▶ **RECORDS TO PROCESS**
* * * *

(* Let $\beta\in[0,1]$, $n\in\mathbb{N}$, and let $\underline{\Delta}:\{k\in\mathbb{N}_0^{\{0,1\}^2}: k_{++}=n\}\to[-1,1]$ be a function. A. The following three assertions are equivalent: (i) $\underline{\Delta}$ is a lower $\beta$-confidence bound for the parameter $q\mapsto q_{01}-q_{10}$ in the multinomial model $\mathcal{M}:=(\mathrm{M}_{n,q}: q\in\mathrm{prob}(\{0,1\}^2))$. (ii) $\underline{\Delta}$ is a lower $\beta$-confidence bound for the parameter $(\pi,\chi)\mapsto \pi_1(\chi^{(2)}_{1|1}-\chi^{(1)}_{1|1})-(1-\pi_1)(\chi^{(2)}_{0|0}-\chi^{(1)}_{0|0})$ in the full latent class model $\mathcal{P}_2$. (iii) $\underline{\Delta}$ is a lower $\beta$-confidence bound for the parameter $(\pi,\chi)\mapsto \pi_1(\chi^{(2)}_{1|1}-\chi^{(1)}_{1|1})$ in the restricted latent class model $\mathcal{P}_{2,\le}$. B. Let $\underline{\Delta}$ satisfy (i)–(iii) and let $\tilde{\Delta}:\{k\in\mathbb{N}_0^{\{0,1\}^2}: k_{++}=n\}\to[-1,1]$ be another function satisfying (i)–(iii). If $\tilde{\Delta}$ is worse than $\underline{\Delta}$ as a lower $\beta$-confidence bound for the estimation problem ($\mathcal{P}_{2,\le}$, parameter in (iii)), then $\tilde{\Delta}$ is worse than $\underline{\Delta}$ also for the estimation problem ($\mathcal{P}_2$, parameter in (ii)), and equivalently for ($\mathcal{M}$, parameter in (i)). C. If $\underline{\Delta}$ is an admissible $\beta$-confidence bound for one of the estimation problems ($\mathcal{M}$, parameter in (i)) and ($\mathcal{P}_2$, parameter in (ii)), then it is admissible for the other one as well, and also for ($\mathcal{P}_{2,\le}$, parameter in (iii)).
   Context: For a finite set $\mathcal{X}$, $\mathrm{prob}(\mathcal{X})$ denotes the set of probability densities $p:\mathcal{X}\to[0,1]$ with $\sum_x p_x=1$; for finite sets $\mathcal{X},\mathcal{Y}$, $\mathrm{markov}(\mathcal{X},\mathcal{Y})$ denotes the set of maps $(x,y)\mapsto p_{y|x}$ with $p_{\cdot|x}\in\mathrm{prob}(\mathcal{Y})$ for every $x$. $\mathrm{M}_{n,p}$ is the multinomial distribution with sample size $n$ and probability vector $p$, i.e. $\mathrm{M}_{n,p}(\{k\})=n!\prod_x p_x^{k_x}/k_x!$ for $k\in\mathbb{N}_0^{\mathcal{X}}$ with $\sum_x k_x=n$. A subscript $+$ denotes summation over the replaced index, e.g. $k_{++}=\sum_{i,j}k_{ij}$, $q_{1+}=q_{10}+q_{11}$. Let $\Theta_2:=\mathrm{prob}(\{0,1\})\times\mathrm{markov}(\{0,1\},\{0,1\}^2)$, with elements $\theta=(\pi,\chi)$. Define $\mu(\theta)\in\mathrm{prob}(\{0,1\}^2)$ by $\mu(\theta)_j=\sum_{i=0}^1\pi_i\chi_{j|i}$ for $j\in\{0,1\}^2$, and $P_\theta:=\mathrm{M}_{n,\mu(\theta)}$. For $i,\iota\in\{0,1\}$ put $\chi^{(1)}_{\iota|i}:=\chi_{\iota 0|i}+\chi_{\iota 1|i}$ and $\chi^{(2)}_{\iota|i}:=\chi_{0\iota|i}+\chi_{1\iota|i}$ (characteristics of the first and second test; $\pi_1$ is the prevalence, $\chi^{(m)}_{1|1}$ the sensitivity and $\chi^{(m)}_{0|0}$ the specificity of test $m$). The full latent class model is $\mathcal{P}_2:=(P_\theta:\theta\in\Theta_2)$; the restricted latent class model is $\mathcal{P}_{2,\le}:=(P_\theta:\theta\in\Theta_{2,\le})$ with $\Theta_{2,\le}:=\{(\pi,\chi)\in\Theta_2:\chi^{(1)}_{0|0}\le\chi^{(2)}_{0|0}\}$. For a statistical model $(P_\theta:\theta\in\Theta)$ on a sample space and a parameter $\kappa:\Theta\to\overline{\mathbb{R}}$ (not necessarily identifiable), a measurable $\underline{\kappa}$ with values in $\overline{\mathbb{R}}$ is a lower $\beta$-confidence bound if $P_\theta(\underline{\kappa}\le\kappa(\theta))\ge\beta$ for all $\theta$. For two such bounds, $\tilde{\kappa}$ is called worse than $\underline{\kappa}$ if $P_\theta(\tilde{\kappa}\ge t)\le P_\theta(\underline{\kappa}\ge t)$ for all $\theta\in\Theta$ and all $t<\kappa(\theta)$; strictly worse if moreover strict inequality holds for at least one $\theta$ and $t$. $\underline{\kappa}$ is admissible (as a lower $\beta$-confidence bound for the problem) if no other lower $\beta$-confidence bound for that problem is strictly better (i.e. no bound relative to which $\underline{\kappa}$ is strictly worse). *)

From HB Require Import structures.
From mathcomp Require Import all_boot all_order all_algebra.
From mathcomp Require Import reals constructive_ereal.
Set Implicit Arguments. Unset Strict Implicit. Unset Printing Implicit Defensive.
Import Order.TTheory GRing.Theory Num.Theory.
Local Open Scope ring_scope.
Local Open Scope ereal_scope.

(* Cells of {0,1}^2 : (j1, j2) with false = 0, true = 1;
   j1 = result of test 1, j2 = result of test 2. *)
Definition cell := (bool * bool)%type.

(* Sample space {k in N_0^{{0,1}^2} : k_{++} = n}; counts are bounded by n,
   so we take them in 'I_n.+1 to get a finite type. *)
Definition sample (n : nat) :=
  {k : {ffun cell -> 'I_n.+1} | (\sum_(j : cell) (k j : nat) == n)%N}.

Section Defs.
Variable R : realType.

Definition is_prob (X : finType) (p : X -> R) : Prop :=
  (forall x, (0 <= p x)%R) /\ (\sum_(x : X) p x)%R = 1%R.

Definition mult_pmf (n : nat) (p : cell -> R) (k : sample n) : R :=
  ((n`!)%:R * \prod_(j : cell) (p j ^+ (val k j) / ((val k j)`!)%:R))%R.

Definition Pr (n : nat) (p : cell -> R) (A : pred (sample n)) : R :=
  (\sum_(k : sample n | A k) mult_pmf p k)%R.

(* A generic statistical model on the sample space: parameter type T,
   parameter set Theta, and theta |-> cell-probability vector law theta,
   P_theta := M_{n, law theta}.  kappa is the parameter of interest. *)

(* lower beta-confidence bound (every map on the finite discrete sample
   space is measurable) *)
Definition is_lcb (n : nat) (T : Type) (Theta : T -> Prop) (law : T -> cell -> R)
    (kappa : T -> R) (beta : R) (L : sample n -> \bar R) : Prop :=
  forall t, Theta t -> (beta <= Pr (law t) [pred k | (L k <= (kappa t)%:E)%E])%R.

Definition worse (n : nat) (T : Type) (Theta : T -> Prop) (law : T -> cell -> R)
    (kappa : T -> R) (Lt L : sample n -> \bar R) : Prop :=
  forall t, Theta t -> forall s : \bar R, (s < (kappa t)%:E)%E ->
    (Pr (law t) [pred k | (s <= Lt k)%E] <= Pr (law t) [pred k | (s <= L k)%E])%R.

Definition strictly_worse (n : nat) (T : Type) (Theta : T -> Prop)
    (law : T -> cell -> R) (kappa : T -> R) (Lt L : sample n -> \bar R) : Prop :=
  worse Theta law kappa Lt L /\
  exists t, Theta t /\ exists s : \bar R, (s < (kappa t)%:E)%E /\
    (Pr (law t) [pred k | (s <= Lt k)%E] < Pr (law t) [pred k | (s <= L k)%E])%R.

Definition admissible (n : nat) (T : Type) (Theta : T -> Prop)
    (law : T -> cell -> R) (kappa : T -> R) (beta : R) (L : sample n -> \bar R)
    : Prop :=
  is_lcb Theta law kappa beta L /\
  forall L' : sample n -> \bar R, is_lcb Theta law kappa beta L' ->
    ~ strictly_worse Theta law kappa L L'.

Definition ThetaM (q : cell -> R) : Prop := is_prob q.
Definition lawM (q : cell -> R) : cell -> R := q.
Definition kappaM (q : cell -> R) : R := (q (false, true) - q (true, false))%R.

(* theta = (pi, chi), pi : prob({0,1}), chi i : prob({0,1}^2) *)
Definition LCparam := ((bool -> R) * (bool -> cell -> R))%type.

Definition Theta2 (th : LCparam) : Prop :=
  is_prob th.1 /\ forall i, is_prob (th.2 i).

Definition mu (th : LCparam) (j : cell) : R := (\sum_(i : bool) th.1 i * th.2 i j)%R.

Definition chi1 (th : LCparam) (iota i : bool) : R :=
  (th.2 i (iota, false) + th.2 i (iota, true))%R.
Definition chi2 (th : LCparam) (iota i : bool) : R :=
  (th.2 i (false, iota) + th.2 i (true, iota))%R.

* * * *

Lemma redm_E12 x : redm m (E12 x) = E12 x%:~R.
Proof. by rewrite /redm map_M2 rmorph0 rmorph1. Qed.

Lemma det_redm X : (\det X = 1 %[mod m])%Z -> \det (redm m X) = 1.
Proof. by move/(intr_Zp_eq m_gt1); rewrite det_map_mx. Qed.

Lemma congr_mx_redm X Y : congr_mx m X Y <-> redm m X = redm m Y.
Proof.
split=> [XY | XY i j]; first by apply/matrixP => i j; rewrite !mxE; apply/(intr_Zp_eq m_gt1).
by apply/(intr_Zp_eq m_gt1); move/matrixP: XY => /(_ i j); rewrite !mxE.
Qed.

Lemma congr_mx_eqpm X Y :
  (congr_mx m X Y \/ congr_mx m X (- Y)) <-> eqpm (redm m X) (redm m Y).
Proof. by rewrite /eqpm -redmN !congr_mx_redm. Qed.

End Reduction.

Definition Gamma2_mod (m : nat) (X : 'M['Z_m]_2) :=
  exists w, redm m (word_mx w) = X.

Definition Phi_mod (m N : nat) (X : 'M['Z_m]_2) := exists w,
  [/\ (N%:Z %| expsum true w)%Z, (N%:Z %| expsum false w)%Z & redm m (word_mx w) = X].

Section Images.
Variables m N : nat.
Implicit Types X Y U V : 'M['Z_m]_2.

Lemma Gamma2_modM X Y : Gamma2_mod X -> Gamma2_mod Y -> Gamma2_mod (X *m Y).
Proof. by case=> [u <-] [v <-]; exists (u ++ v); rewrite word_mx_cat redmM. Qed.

* * * *

▶ **EXERCISE INSTRUCTIONS**
Could you restate word for word the lines above from the one containing "of interest. *)" through the one containing "(th.2 i (false, iota)", both included, and nothing else?

▶ **EXERCISE SOLUTION**
   P_theta := M_{n, law theta}.  kappa is the parameter of interest. *)

(* lower beta-confidence bound (every map on the finite discrete sample
   space is measurable) *)
Definition is_lcb (n : nat) (T : Type) (Theta : T -> Prop) (law : T -> cell -> R)
    (kappa : T -> R) (beta : R) (L : sample n -> \bar R) : Prop :=
  forall t, Theta t -> (beta <= Pr (law t) [pred k | (L k <= (kappa t)%:E)%E])%R.

Definition worse (n : nat) (T : Type) (Theta : T -> Prop) (law : T -> cell -> R)
    (kappa : T -> R) (Lt L : sample n -> \bar R) : Prop :=
  forall t, Theta t -> forall s : \bar R, (s < (kappa t)%:E)%E ->
    (Pr (law t) [pred k | (s <= Lt k)%E] <= Pr (law t) [pred k | (s <= L k)%E])%R.

Definition strictly_worse (n : nat) (T : Type) (Theta : T -> Prop)
    (law : T -> cell -> R) (kappa : T -> R) (Lt L : sample n -> \bar R) : Prop :=
  worse Theta law kappa Lt L /\
  exists t, Theta t /\ exists s : \bar R, (s < (kappa t)%:E)%E /\
    (Pr (law t) [pred k | (s <= Lt k)%E] < Pr (law t) [pred k | (s <= L k)%E])%R.

Definition admissible (n : nat) (T : Type) (Theta : T -> Prop)
    (law : T -> cell -> R) (kappa : T -> R) (beta : R) (L : sample n -> \bar R)
    : Prop :=
  is_lcb Theta law kappa beta L /\
  forall L' : sample n -> \bar R, is_lcb Theta law kappa beta L' ->
    ~ strictly_worse Theta law kappa L L'.

Definition ThetaM (q : cell -> R) : Prop := is_prob q.
Definition lawM (q : cell -> R) : cell -> R := q.
Definition kappaM (q : cell -> R) : R := (q (false, true) - q (true, false))%R.

(* theta = (pi, chi), pi : prob({0,1}), chi i : prob({0,1}^2) *)
Definition LCparam := ((bool -> R) * (bool -> cell -> R))%type.

Definition Theta2 (th : LCparam) : Prop :=
  is_prob th.1 /\ forall i, is_prob (th.2 i).

Definition mu (th : LCparam) (j : cell) : R := (\sum_(i : bool) th.1 i * th.2 i j)%R.

Definition chi1 (th : LCparam) (iota i : bool) : R :=
  (th.2 i (iota, false) + th.2 i (iota, true))%R.
Definition chi2 (th : LCparam) (iota i : bool) : R :=
  (th.2 i (false, iota) + th.2 i (true, iota))%R.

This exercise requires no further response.